> PROBLEM REQUIREMENTS: Word for word, reproduce every line of the data below.

> TASK INPUT:
------------------------
Lemma Kfun_coercive lam (v u : grid) : rho_of_pos v ->
  (forall v, lam * sum3 N (fun i j k => v i j k ^ 2) <= qform v) ->
  alpha / 8 * sum3 N (fun i j k => u i j k ^ 2) + lam / 2 * sum3 N (fun i j k => v i j k ^ 2) - Kfun_shift
    <= Kfun (v, u).
Proof.
  intros Hx Hq. pose proof (Kfun_lower v u Hx). specialize (Hq v).
  assert (alpha / 8 * sum3 N (fun i j k => u i j k ^ 2) - Kfun_shift <=
    sum3 N (fun i j k => gamma * Fcell (rho_n i j k) (rho_of v i j k) + alpha / 8 * u i j k ^ 2 - src_bound i j k)).
  { unfold Kfun_shift. rewrite <- sum3_scal, <- sum3_minus. apply sum3_le. intros.
    pose proof (Fcell_rho_of_lower v i j k Hx H0 H1 H2). nra. }
  lra.
Qed.

Lemma Kfun_ge_cell (v u : grid) i0 j0 k0 : rho_of_pos v -> in_grid N i0 -> in_grid N j0 -> in_grid N k0 ->
  gamma * Fcell (rho_n i0 j0 k0) (rho_of v i0 j0 k0) - Kfun_shift <= Kfun (v, u).
Proof.
  intros Hx Hi Hj Hk. pose proof (Kfun_lower v u Hx). pose proof (qform_nonneg v).
  set (w := fun i j k => gamma * Fcell (rho_n i j k) (rho_of v i j k) + alpha / 8 * u i j k ^ 2
                         + gamma * Rabs (Fcell_shift (rho_n i j k))).
  assert (Hw : forall i j k, in_grid N i -> in_grid N j -> in_grid N k -> 0 <= w i j k).
  { intros. unfold w. pose proof (Fcell_rho_of_lower v i j k Hx H1 H2 H3).
    pose proof (pow2_ge_0 (u i j k)). nra. }
  assert (E : sum3 N (fun i j k => gamma * Fcell (rho_n i j k) (rho_of v i j k) + alpha / 8 * u i j k ^ 2
                                   - src_bound i j k) = sum3 N w - Kfun_shift).
  { unfold Kfun_shift. rewrite <- sum3_minus. apply sum3_ext; intros. unfold w. ring. }
  pose proof (sum3_ge_term N w i0 j0 k0 Hw Hi Hj Hk). unfold w in H1 at 1.
  pose proof (pow2_ge_0 (u i0 j0 k0)). pose proof (Rabs_pos (Fcell_shift (rho_n i0 j0 k0))).
  rewrite E in H. nra.
Qed.

Lemma Amob_plus_scal v e t i j k : Amob (fun i j k => v i j k + t * e i j k) i j k = Amob v i j k + t * Amob e i j k.
Proof. apply divDgrad_plus_scal. Qed.
Lemma Lap_plus_scal v e t i j k : Lap (fun i j k => v i j k + t * e i j k) i j k = Lap v i j k + t * Lap e i j k.
Proof. apply divDgrad_plus_scal. Qed.
Lemma rho_of_plus_scal v e t i j k :
  rho_of (fun i j k => v i j k + t * e i j k) i j k = rho_of v i j k + t * Amob e i j k.
Proof. unfold rho_of. rewrite Amob_plus_scal. ring. Qed.

Lemma Kfun_v_derivable_pt_lim (v u e : grid) : rho_of_pos v ->
  derivable_pt_lim (fun t => Kfun (fun i j k => v i j k + t * e i j k, u)) 0
   (sum3 N (fun i j k => gamma * Scell (rho_n i j k) (rho_of v i j k) * Amob e i j k
        + stab * (rho_of v i j k - rho_n i j k) * Amob e i j k - chi / 2 * u i j k * Amob e i j k
        - 1 / (2 * dt) * (e i j k * Amob v i j k + v i j k * Amob e i j k)) + sum3 N v * sum3 N e).
Proof.
  intros Hx.
  set (cell := fun i j k t =>
      gamma * Fcell (rho_n i j k) (rho_of v i j k + t * Amob e i j k)
      + stab / 2 * (rho_of v i j k + t * Amob e i j k - rho_n i j k) ^ 2
      - chi / 2 * u i j k * (rho_of v i j k + t * Amob e i j k)
      + (kappa / 2 * u i j k ^ 2 - mu / 4 * u i j k * Lap u i j k - phi_source i j k * u i j k)
      - 1 / (2 * dt) * (v i j k + t * e i j k) * (Amob v i j k + t * Amob e i j k)).
  apply (derivable_pt_lim_ext (fun t => sum3 N (fun i j k => cell i j k t)
                                        + 1 / 2 * (sum3 N v + t * sum3 N e) ^ 2)).
  - intros t. unfold Kfun. cbn [fst snd]. f_equal.
    + apply sum3_ext; intros. unfold cell_energy, cell. rewrite rho_of_plus_scal, Amob_plus_scal. reflexivity.
    + rewrite sum3_plus, sum3_scal. reflexivity.
  - apply derivable_pt_lim_plus.
    + apply (sum3_derivable_pt_lim N cell). intros. apply cell_v_derivable_pt_lim; auto. lra.
    + apply half_sq_derivable_pt_lim.
Qed.

Lemma Kfun_u_derivable_pt_lim (v u e : grid) :
  derivable_pt_lim (fun t => Kfun (v, fun i j k => u i j k + t * e i j k)) 0
   (sum3 N (fun i j k => - chi / 2 * e i j k * rho_of v i j k + kappa * u i j k * e i j k
        - mu / 4 * (e i j k * Lap u i j k + u i j k * Lap e i j k) - phi_source i j k * e i j k)).
Proof.
  set (cell := fun i j k t =>
      (gamma * Fcell (rho_n i j k) (rho_of v i j k) + stab / 2 * (rho_of v i j k - rho_n i j k) ^ 2
       - 1 / (2 * dt) * v i j k * Amob v i j k)
      - chi / 2 * (u i j k + t * e i j k) * rho_of v i j k + kappa / 2 * (u i j k + t * e i j k) ^ 2
      - mu / 4 * (u i j k + t * e i j k) * (Lap u i j k + t * Lap e i j k)
      - phi_source i j k * (u i j k + t * e i j k)).
  apply (derivable_pt_lim_ext (fun t => sum3 N (fun i j k => cell i j k t) + 1 / 2 * (sum3 N v) ^ 2)).
  - intros t. unfold Kfun. cbn [fst snd]. f_equal.
    apply sum3_ext; intros. unfold cell_energy, cell. rewrite Lap_plus_scal. ring.
  - rewrite <- Rplus_0_r. apply derivable_pt_lim_plus.
    + apply (sum3_derivable_pt_lim N cell). intros. apply cell_u_derivable_pt_lim.
    + apply derivable_pt_lim_const.
Qed.

Definition potential_of (v u : grid) (i j k : nat) :=
  gamma * Scell (rho_n i j k) (rho_of v i j k) + stab * (rho_of v i j k - rho_n i j k) - chi / 2 * u i j k.

Lemma Kfun_v_derivative_delta3 (v u : grid) i0 j0 k0 : in_grid N i0 -> in_grid N j0 -> in_grid N k0 ->
  let e := delta3 i0 j0 k0 in
  sum3 N (fun i j k => gamma * Scell (rho_n i j k) (rho_of v i j k) * Amob e i j k
        + stab * (rho_of v i j k - rho_n i j k) * Amob e i j k - chi / 2 * u i j k * Amob e i j k
        - 1 / (2 * dt) * (e i j k * Amob v i j k + v i j k * Amob e i j k)) + sum3 N v * sum3 N e
  = Amob (potential_of v u) i0 j0 k0 - 1 / dt * Amob v i0 j0 k0 + sum3 N v.
Proof.
  intros Hi Hj Hk e.
  rewrite (sum3_ext N _ (fun i j k => (potential_of v u i j k * Amob e i j k
      - 1 / (2 * dt) * (e i j k * Amob v i j k)) - 1 / (2 * dt) * (v i j k * Amob e i j k)))
    by (intros; unfold potential_of; ring).
  rewrite sum3_minus, sum3_minus, sum3_scal, sum3_scal.
  rewrite (sum3_mul_Amob_sym (potential_of v u) e), (sum3_mul_Amob_sym v e).
  unfold e. rewrite !sum3_delta3_mul by auto. rewrite sum3_delta3 by auto. field. lra.
Qed.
------------------------
> WORKED SOLUTION:
Lemma Kfun_coercive lam (v u : grid) : rho_of_pos v ->
  (forall v, lam * sum3 N (fun i j k => v i j k ^ 2) <= qform v) ->
  alpha / 8 * sum3 N (fun i j k => u i j k ^ 2) + lam / 2 * sum3 N (fun i j k => v i j k ^ 2) - Kfun_shift
    <= Kfun (v, u).
Proof.
  intros Hx Hq. pose proof (Kfun_lower v u Hx). specialize (Hq v).
  assert (alpha / 8 * sum3 N (fun i j k => u i j k ^ 2) - Kfun_shift <=
    sum3 N (fun i j k => gamma * Fcell (rho_n i j k) (rho_of v i j k) + alpha / 8 * u i j k ^ 2 - src_bound i j k)).
  { unfold Kfun_shift. rewrite <- sum3_scal, <- sum3_minus. apply sum3_le. intros.
    pose proof (Fcell_rho_of_lower v i j k Hx H0 H1 H2). nra. }
  lra.
Qed.

Lemma Kfun_ge_cell (v u : grid) i0 j0 k0 : rho_of_pos v -> in_grid N i0 -> in_grid N j0 -> in_grid N k0 ->
  gamma * Fcell (rho_n i0 j0 k0) (rho_of v i0 j0 k0) - Kfun_shift <= Kfun (v, u).
Proof.
  intros Hx Hi Hj Hk. pose proof (Kfun_lower v u Hx). pose proof (qform_nonneg v).
  set (w := fun i j k => gamma * Fcell (rho_n i j k) (rho_of v i j k) + alpha / 8 * u i j k ^ 2
                         + gamma * Rabs (Fcell_shift (rho_n i j k))).
  assert (Hw : forall i j k, in_grid N i -> in_grid N j -> in_grid N k -> 0 <= w i j k).
  { intros. unfold w. pose proof (Fcell_rho_of_lower v i j k Hx H1 H2 H3).
    pose proof (pow2_ge_0 (u i j k)). nra. }
  assert (E : sum3 N (fun i j k => gamma * Fcell (rho_n i j k) (rho_of v i j k) + alpha / 8 * u i j k ^ 2
                                   - src_bound i j k) = sum3 N w - Kfun_shift).
  { unfold Kfun_shift. rewrite <- sum3_minus. apply sum3_ext; intros. unfold w. ring. }
  pose proof (sum3_ge_term N w i0 j0 k0 Hw Hi Hj Hk). unfold w in H1 at 1.
  pose proof (pow2_ge_0 (u i0 j0 k0)). pose proof (Rabs_pos (Fcell_shift (rho_n i0 j0 k0))).
  rewrite E in H. nra.
Qed.

Lemma Amob_plus_scal v e t i j k : Amob (fun i j k => v i j k + t * e i j k) i j k = Amob v i j k + t * Amob e i j k.
Proof. apply divDgrad_plus_scal. Qed.
Lemma Lap_plus_scal v e t i j k : Lap (fun i j k => v i j k + t * e i j k) i j k = Lap v i j k + t * Lap e i j k.
Proof. apply divDgrad_plus_scal. Qed.
Lemma rho_of_plus_scal v e t i j k :
  rho_of (fun i j k => v i j k + t * e i j k) i j k = rho_of v i j k + t * Amob e i j k.
Proof. unfold rho_of. rewrite Amob_plus_scal. ring. Qed.

Lemma Kfun_v_derivable_pt_lim (v u e : grid) : rho_of_pos v ->
  derivable_pt_lim (fun t => Kfun (fun i j k => v i j k + t * e i j k, u)) 0
   (sum3 N (fun i j k => gamma * Scell (rho_n i j k) (rho_of v i j k) * Amob e i j k
        + stab * (rho_of v i j k - rho_n i j k) * Amob e i j k - chi / 2 * u i j k * Amob e i j k
        - 1 / (2 * dt) * (e i j k * Amob v i j k + v i j k * Amob e i j k)) + sum3 N v * sum3 N e).
Proof.
  intros Hx.
  set (cell := fun i j k t =>
      gamma * Fcell (rho_n i j k) (rho_of v i j k + t * Amob e i j k)
      + stab / 2 * (rho_of v i j k + t * Amob e i j k - rho_n i j k) ^ 2
      - chi / 2 * u i j k * (rho_of v i j k + t * Amob e i j k)
      + (kappa / 2 * u i j k ^ 2 - mu / 4 * u i j k * Lap u i j k - phi_source i j k * u i j k)
      - 1 / (2 * dt) * (v i j k + t * e i j k) * (Amob v i j k + t * Amob e i j k)).
  apply (derivable_pt_lim_ext (fun t => sum3 N (fun i j k => cell i j k t)
                                        + 1 / 2 * (sum3 N v + t * sum3 N e) ^ 2)).
  - intros t. unfold Kfun. cbn [fst snd]. f_equal.
    + apply sum3_ext; intros. unfold cell_energy, cell. rewrite rho_of_plus_scal, Amob_plus_scal. reflexivity.
    + rewrite sum3_plus, sum3_scal. reflexivity.
  - apply derivable_pt_lim_plus.
    + apply (sum3_derivable_pt_lim N cell). intros. apply cell_v_derivable_pt_lim; auto. lra.
    + apply half_sq_derivable_pt_lim.
Qed.

Lemma Kfun_u_derivable_pt_lim (v u e : grid) :
  derivable_pt_lim (fun t => Kfun (v, fun i j k => u i j k + t * e i j k)) 0
   (sum3 N (fun i j k => - chi / 2 * e i j k * rho_of v i j k + kappa * u i j k * e i j k
        - mu / 4 * (e i j k * Lap u i j k + u i j k * Lap e i j k) - phi_source i j k * e i j k)).
Proof.
  set (cell := fun i j k t =>
      (gamma * Fcell (rho_n i j k) (rho_of v i j k) + stab / 2 * (rho_of v i j k - rho_n i j k) ^ 2
       - 1 / (2 * dt) * v i j k * Amob v i j k)
      - chi / 2 * (u i j k + t * e i j k) * rho_of v i j k + kappa / 2 * (u i j k + t * e i j k) ^ 2
      - mu / 4 * (u i j k + t * e i j k) * (Lap u i j k + t * Lap e i j k)
      - phi_source i j k * (u i j k + t * e i j k)).
  apply (derivable_pt_lim_ext (fun t => sum3 N (fun i j k => cell i j k t) + 1 / 2 * (sum3 N v) ^ 2)).
  - intros t. unfold Kfun. cbn [fst snd]. f_equal.
    apply sum3_ext; intros. unfold cell_energy, cell. rewrite Lap_plus_scal. ring.
  - rewrite <- Rplus_0_r. apply derivable_pt_lim_plus.
    + apply (sum3_derivable_pt_lim N cell). intros. apply cell_u_derivable_pt_lim.
    + apply derivable_pt_lim_const.
Qed.

Definition potential_of (v u : grid) (i j k : nat) :=
  gamma * Scell (rho_n i j k) (rho_of v i j k) + stab * (rho_of v i j k - rho_n i j k) - chi / 2 * u i j k.

Lemma Kfun_v_derivative_delta3 (v u : grid) i0 j0 k0 : in_grid N i0 -> in_grid N j0 -> in_grid N k0 ->
  let e := delta3 i0 j0 k0 in
  sum3 N (fun i j k => gamma * Scell (rho_n i j k) (rho_of v i j k) * Amob e i j k
        + stab * (rho_of v i j k - rho_n i j k) * Amob e i j k - chi / 2 * u i j k * Amob e i j k
        - 1 / (2 * dt) * (e i j k * Amob v i j k + v i j k * Amob e i j k)) + sum3 N v * sum3 N e
  = Amob (potential_of v u) i0 j0 k0 - 1 / dt * Amob v i0 j0 k0 + sum3 N v.
Proof.
  intros Hi Hj Hk e.
  rewrite (sum3_ext N _ (fun i j k => (potential_of v u i j k * Amob e i j k
      - 1 / (2 * dt) * (e i j k * Amob v i j k)) - 1 / (2 * dt) * (v i j k * Amob e i j k)))
    by (intros; unfold potential_of; ring).
  rewrite sum3_minus, sum3_minus, sum3_scal, sum3_scal.
  rewrite (sum3_mul_Amob_sym (potential_of v u) e), (sum3_mul_Amob_sym v e).
  unfold e. rewrite !sum3_delta3_mul by auto. rewrite sum3_delta3 by auto. field. lra.
Qed.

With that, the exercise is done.